Китай взял наш опыт и в сельском хозяйстве периода НЭПа. Они расформировали свои так называемые коммунистические бригады, в которых числились многие тысячи человек и были предельно неэффективны.
Через несколько лет по величине ВВП Китай оставит позади США и выйдет на первую позицию в мире. Хотя по общему развитию, по технологиям, по инфраструктуре им ещё долго работать.
— Один из наших историков сказал, что нам следовало пойти по китайскому пути. Вы согласны с такой точкой зрения?
— Не совсем. Когда пришёл к власти Горбачёв, он говорил, что надо вернуться к Ленину. Я ему говорил: давайте тогда НЭП воссоздадим, посмотрите, каких выдающихся результатов Китай достиг. Но он считал, что уже поздно. Но ведь НЭП — это пять укладов, то есть смешанная экономика. Это то, к чему Европа пришла в 60–70-е годы. Ленин это предвосхитил, называя укладами, а это и есть пять форм собственности — смешанная экономика. Поэтому Китай использовал опыт СССР, и нам следовало это сделать. Но Китай развил этот опыт — вот в этой части и следовало использовать китайский опыт.
Если бы Горбачёв ввёл НЭП, на мой взгляд, ситуация сложилась бы иная и СССР получил бы «второе дыхание» в своём развитии.
— Почему он на это не решился?
— Я не знаю. Видимо, он был в плену догматических идей постсталинской эпохи. Он всё-таки недолюбливал Китай. Он там был, его там приняли прохладно. Вскоре произошла известная трагедия на площади Тяньаньмэнь и другие события. Китайская модель оказалась жизненной, но, к сожалению, была отвергнута нашим руководством. У руководства, в том числе и Горбачёва, а затем и у Ельцина, не хватило мудрости.
— Вы хорошо знали Горбачёва. Какой он был?
— Да умный человек, но упрямый. Потом, он же действовал не так, как Ельцин или Путин. У него было очень много сдерживающих факторов. В Политбюро его сдерживали, в Верховном Совете критиковали. Он пытался лавировать между силовыми центрами, а время шло неумолимо. К тому же критически снизились цены на нефть, экономика оказалась в кризисе.
— События в Форосе и всё, что за этим последовало, стали результатом его нерешительности в проведении полноценных реформ?
— Путчисты объясняли это тем, что он заварил «эту кашу», эти реформы, ничего не доводит до конца, положение людей ухудшается, и действительно ухудшалось. Ведь когда он пришёл к власти в 85 году, в общем-то, положение было неплохое. С мясом и молоком не очень, но птица, живая рыба были везде. Птицеводство, благодаря закупленным ещё при Андропове птицеводческим комбинатам, пошло очень хорошо. Налаживалось дело и с крупным рогатым скотом. Общее количество крупного рогатого скота тогда было раза в 3-4 больше, чем сегодня.
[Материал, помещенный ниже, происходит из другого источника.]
(* For a fixed-point-free involution z and adjacent positions a, b = a + 1,
   the conjugate t z t by t = (a b) is either z itself (when z swaps a and b)
   or has length len z + 2 or len z - 2; hence t lies in tau(z) exactly when
   z has a descent at b.  So tau(z) = {s_(n/2)} says that z is increasing on
   both halves [0, n/2) and [n/2, n).  Being an involution without fixed
   points, z must then send the lower half into the upper one, and an
   increasing map between two intervals of the same size is a translation:
   z = w_n : i |-> i + n/2 mod n.  The recursion for w_n is then a pointwise
   computation. *)

From mathcomp Require Import all_boot all_fingroup zify.
Set Implicit Arguments. Unset Strict Implicit. Unset Printing Implicit Defensive.
Local Open Scope group_scope.

Section Increasing.
Variables (f : nat -> nat) (m : nat).
Hypothesis f_incr : forall k, k.+1 < m -> f k < f k.+1.

Lemma incr_addn i d : i + d < m -> f i + d <= f (i + d).
Proof.
elim: d => [|d IH] lt_m; first by rewrite !addn0.
rewrite addnS in lt_m *.
by have := IH (ltnW lt_m); have := f_incr lt_m; lia.
Qed.

Lemma incr_ltn i j : i < j < m -> f i < f j.
Proof.
case/andP=> ij jm; have := @incr_addn i (j - i).
by rewrite subnKC ?(ltnW ij) //; lia.
Qed.

Lemma incr_interval lo : (forall k, k < m -> lo <= f k < lo + m) ->
  forall k, k < m -> f k = k + lo.
Proof.
move=> range k km.
have := @incr_addn 0 k; have := @incr_addn k (m.-1 - k).
have := range 0; have := range m.-1; have := range k; rewrite add0n subnKC; lia.
Qed.

End Increasing.

Lemma pcE n (x y : 'S_n) k : pc x y k = x (y k).
Proof. by rewrite /pc permM. Qed.

Lemma pcV n (x y : 'S_n) : (pc x y)^-1 = pc y^-1 x^-1.
Proof. by rewrite /pc invMg. Qed.

Definition natperm n (s : 'S_n) (k : nat) : nat :=
  if insub k is Some i then val (s i) else k.

Lemma natpermE n (s : 'S_n) (i : 'I_n) : natperm s i = s i.
Proof. by rewrite /natperm valK. Qed.

Lemma natperm_out n (s : 'S_n) k : n <= k -> natperm s k = k.
Proof. by move=> nk; rewrite /natperm insubF // ltnNge nk. Qed.

Lemma natperm_lt n (s : 'S_n) k : k < n -> natperm s k < n.
Proof. by move=> kn; rewrite -[k]/(val (Ordinal kn)) natpermE. Qed.

Lemma natperm_pc n (x y : 'S_n) k : natperm (pc x y) k = natperm x (natperm y k).
Proof.
have [kn|nk] := ltnP k n; last by rewrite !natperm_out.
by rewrite -[k]/(val (Ordinal kn)) !natpermE pcE.
Qed.

Lemma natperm_inj n (x y : 'S_n) : (forall k, k < n -> natperm x k = natperm y k) -> x = y.
Proof. by move=> e; apply/permP => i; apply: val_inj; rewrite /= -!natpermE e. Qed.

Lemma natperm1 n t : natperm (1 : 'S_n) t = t.
Proof.
have [tn|nt] := ltnP t n; last exact: natperm_out.
by rewrite -[t]/(val (Ordinal tn)) natpermE perm1.
Qed.

(* Splits the innermost conditionals first, so that every case hypothesis is
   an arithmetic fact usable by lia. *)
Ltac case_ifs :=
  repeat match goal with
  | |- context [if ?c then _ else _] =>
      lazymatch c with context [if _ then _ else _] => fail | _ => case: (boolP c) end
  end.

Lemma val_tperm n (a b u : 'I_n) :
  val (tperm a b u) = if u == a then val b else if u == b then val a else val u.
Proof.
by case: tpermP => [->|->|/eqP/negbTE-> /eqP/negbTE->]; rewrite ?eqxx //; case: eqP => [->|].
Qed.

Lemma ltn_tperm_adj n (a b u v : 'I_n) : val b = (val a).+1 -> u != v ->
  (tperm a b u < tperm a b v) =
   if (u == a) && (v == b) then false
   else if (u == b) && (v == a) then true else u < v.
Proof.
rewrite !val_tperm -!val_eqE; case: u v a b => [u ?] [v ?] [a ?] [b ?] /= hb huv.
by repeat case: eqP => /= ?; lia.
Qed.

Definition inversions n (z : 'S_n) : {set 'I_n * 'I_n} :=
  [set p : 'I_n * 'I_n | (p.1 < p.2) && (z p.2 < z p.1)].

Lemma lenE n (z : 'S_n) : len z = #|inversions z|.
Proof. by []. Qed.

Lemma lenV n (z : 'S_n) : len z^-1 = len z.
Proof.
rewrite !lenE -(card_preimset (inversions z) (f := fun p => (z^-1 p.2, z^-1 p.1))).
  by apply: eq_card => -[p q]; rewrite !inE /= !permKV andbC.
by move=> [p q] [p' q'] [/perm_inj -> /perm_inj ->].
Qed.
И зерна, между прочим, получали не меньше, чем сегодня. Проблема была в логистике, складских помещениях, переработке. И около трети урожая погибало или застревало на складах. Проблема была в бесхозяйственности.
При Горбачёве ещё резкий побочный эффект дала демократия — резкое падение трудовой дисциплины. Поэтому перестали действовать суровые установленные в экономике законы — своевременная доставка, переработка и так далее. Вагоны с продуктами стояли под Москвой, овощи и фрукты гнили, а в Москве — очереди за всем этим. Правительство с этим не справилось. Сперва надо было навести порядок, а потом уж реформы проводить. Какие могут быть реформы, если никто ничего не исполняет?
— Как Вы оцениваете ельцинский период?
— Он разгромил страну. Если бы не были подписаны Беловежские соглашения, то Советский Союз бы уцелел. Может быть, Прибалтика ушла, но остальные республики вполне можно было сохранить в союзе.
Если бы не Беловежские соглашения, то пришли бы другие политики, которые могли действовать по другому. Но в результате путь для новых политиков, которые могли бы исправить ситуацию, оказался отрезан. Три руководителя республик отрубили и выбросили все союзные республики, причём не спрашивая никого: ни народ, ни политиков. Я знаю, что ни Казахстан, ни центральноазиатские республики абсолютно не хотели выходить из СССР. Я с ними много работал — они даже мыслить не могли, что могут существовать вне Советского Союза.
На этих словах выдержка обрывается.